At a business lunch, I noticed that almost everyone left their phones on the table in front of them. Are they waiting for someone more interesting to call? In a pub on St. Patrick’s Day, at least half the people were holding phones, telling others… what? That they are having such a great time? If that’s true, why don’t they put the phone down and say that to the people in front of them? I have no objection to texting a friend so they can meet up with you but when you are intent on documenting all your moments for people who are not there, aren’t you missing out on the experience of actually being present, with the people who are there? Or if you are constantly checking your phone to read other people’s Facebook posts, texts, Tweets or e-mails, are you telling the people you are sitting with that you’d rather be elsewhere? Then last week I saw a woman take her iPhone to communion. Seriously…. someone more important than God is going to call, text, Tweet, Facebook or BBM you in the 30 seconds it takes you to walk up there?
Shake it off people! I know it’s our reptilian brain that is easily distracted. It’s the ego that’s fed whenever others respond to your picture, post or Pinterest…. but we are not Pavlove’s Dog. We do not have to react to every flashing light, every beep, every tweet and text.
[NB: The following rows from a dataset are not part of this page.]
Lemma sv_adj_sym y z : sv_adj y z = sv_adj z y.
Proof. by rewrite /sv_adj setUC. Qed.

Lemma Fv_pts y z : Fv g v [set y; z] -> exists u w, [/\ u \in N1, w \in N2 &
  [\/ y = u /\ z = X u w, y = X u w /\ z = u, y = X u w /\ z = w | y = w /\ z = X u w]].
Proof.
case/Fv_char=> u [w [H1 H2 E]]; exists u, w; split=> //.
by case: E => /set2_eqE [] [-> ->]; [constructor 1|constructor 2|constructor 3|constructor 4].
Qed.

Lemma sv_adj_notv y z : y != v -> z != v -> sv_adj y z = Fv g v [set y; z].
Proof.
by move=> yv zv; rewrite /sv_adj /Sv_edge (incident2 gsym) (negbTE yv) (negbTE zv) andbF.
Qed.

Lemma sv_adj_vl z : sv_adj v z = g v z.
Proof.
rewrite /sv_adj /Sv_edge (incident2 gsym) eqxx andbT.
case: (g v z) => //=; apply/negbTE/negP => /Fv_pts [u [w [H1 H2 HH]]]; case: HH => -[E1 E2].
- by move: (N1_adj H1); rewrite -E1 girr.
- by move: (X_neq_v H1 H2); rewrite -E1 eqxx.
- by move: (X_neq_v H1 H2); rewrite -E1 eqxx.
- by move: (N2_adj H2); rewrite -E1 girr.
Qed.

Lemma sv_adj_vr y : sv_adj y v = g v y.
Proof. by rewrite sv_adj_sym sv_adj_vl. Qed.

Lemma sv_adj_NN y z : g v y -> g v z -> sv_adj y z = false.
Proof.
move=> gy gz; rewrite sv_adj_notv ?adj_neq //.
apply/negbTE/negP => /Fv_pts [u [w [H1 H2 HH]]]; case: HH => -[E1 E2].
- by move: gz; rewrite E2 (negbTE (X_nadj_v H1 H2)).
- by move: gy; rewrite E1 (negbTE (X_nadj_v H1 H2)).
- by move: gy; rewrite E1 (negbTE (X_nadj_v H1 H2)).
- by move: gz; rewrite E2 (negbTE (X_nadj_v H1 H2)).
Qed.

Lemma sv_adj_XX a b c d : a \in N1 -> b \in N2 -> c \in N1 -> d \in N2 ->
  sv_adj (X a b) (X c d) = false.
Proof.
move=> Ha Hb Hc Hd; rewrite sv_adj_notv ?X_neq_v //.
apply/negbTE/negP => /Fv_pts [u [w [H1 H2 HH]]]; case: HH => -[E1 E2].
- by move: (N1_adj H1); rewrite -E1 (negbTE (X_nadj_v Ha Hb)).
- by move: (N1_adj H1); rewrite -E2 (negbTE (X_nadj_v Hc Hd)).
- by move: (N2_adj H2); rewrite -E2 (negbTE (X_nadj_v Hc Hd)).
- by move: (N2_adj H2); rewrite -E1 (negbTE (X_nadj_v Ha Hb)).
Qed.

Lemma sv_adj_NX1 y c d : y \in N1 -> c \in N1 -> d \in N2 -> sv_adj y (X c d) = (y == c).
Proof.
move=> Hy Hc Hd; rewrite sv_adj_notv ?X_neq_v ?adj_neq ?N1_adj //.
apply/idP/eqP => [|->]; last by case: (Fv_intro Hc Hd).
case/Fv_pts => [u [w [H1 H2 HH]]]; case: HH => -[E1 E2].
- by subst y; have [] := X_inj Hc Hd H1 H2 E2.
- by move: (N1_adj Hy); rewrite E1 (negbTE (X_nadj_v H1 H2)).
- by move: (N1_adj Hy); rewrite E1 (negbTE (X_nadj_v H1 H2)).
- by subst y; case: (N12 Hy H2).
Qed.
As my high school French teacher used to say when the bell rang: “Dogs respond to bells. People respond to other people.” So the next time you’re sitting at a lunch, hanging out in a pub or having a meal with friends or family, embrace the opportunity to get to know something new about the people around you, to deepen your relationships and to challenge your assumptions. You can’t do that in a tweet or Facebook post. In his book, You Should Have Asked, Stewart Knight recounts how asking “Which Canadian do you most admire?” at a family reunion led to a rich conversation about his father’s immigrant roots and political hero and his mother’s literary tastes – two aspects of his parent’s lives he had completely ignored until that day. His book offers an easy approach to creating powerful conversations by asking good questions. Knight writes:
“With powerful conversations, instead of learning where a person lives, you will discover one of their favourite childhood memories. With powerful conversations, instead of knowing what a person does for a living, you will find out what that person does as a passion. You will discover the intricate and fascinating details of what makes that person who they are” (p.38).
Not only will you benefit from a more interesting discussion and a deeper relationship but, according Robert Cialdini author of Influence: Science and Practice, when you identify something you have in common with another person, that similarity leads to liking, reciprocity, stronger networks and a greater ability to accomplish your personal or professional objectives. Within an organization, research from Ken Blanchard found that connectedness to the leader – the extent to which leaders make an effort to build rapport and personal and professional relationships – leads to greater discretionary effort and higher intent to remain with your organization. Connectedness to colleagues – the extent to which colleagues make an effort to build rapport and personal and professional relationships – is also positively correlated with discretionary effort and organizational citizenship behaviours. So people who feel connected to their co-workers are more apt to go the extra mile at work. Bottom line: there are compelling personal and professional reasons to be fascinated by others, to honour their uniqueness and to ditch the small talk:
- Ask open ended questions like:
• What do you like most about what you do?
• What led you to this type of work/hobby/pursuit?
• What would you change about your industry/community/legislation/etc?
• What did you want to be when you were a child?
To borrow a few from Knight (and he has a ton of great ones):
• Out of all the jobs in the country, which one do you think would have the most devastating impact on society if those people didn’t show up for work? And what would be the worst day of the year for them to not show up? Why?
• Ask people why they live, work or travel where they do.
- Listen and build your next question on what you have just heard.
- Stop worrying that asking questions makes you look like you don’t know anything – you certainly don’t know everything so get over it.
- Ask how things work, why they are that way, what makes a process so difficult.
- Embrace the opportunity to learn!
Great questions are the ultimate mobile app so use them wherever you go! After reading Knight’s book, my husband started asking our kids a ‘Question of the Night’ at the dinner table and the conversations are fantastic. It gives the kids a chance to practice listening skills and also to respond to a serious question where there’s no right answer. Our favourites include:
- If you could go anywhere on a family vacation where would we go and why?
- If you had a superpower, what would it be?
- When you are a parent, which rules will you enforce in your home?
- If you could only eat one food for the rest of your life, what would it be?
- Who is your favourite character in a book?
To boost our dinner table topic creativity I recently purchased The Box Girls Family Diner Box of Questions. Try these at home, with friends or at the office or leave the cards out on tables during a party and watch the level of conversation rise! Another great resource (that also comes with a mobile App) is the Story Starter Pack. My favourite question here is : “If you could dig a tunnel from your house to anywhere in the neighbourhood/country/world, where would it go?”
You deserve the gift of more fun, meaningful and memorable conversations and the deeper relationships that result from them. Your co-workers, friends and family deserve to feel worthy of your attention. Try it! You can tell everyone about it on social media…. later. And, please tell me…. what’s your favourite “deep question” ? And what happened the last time you asked one?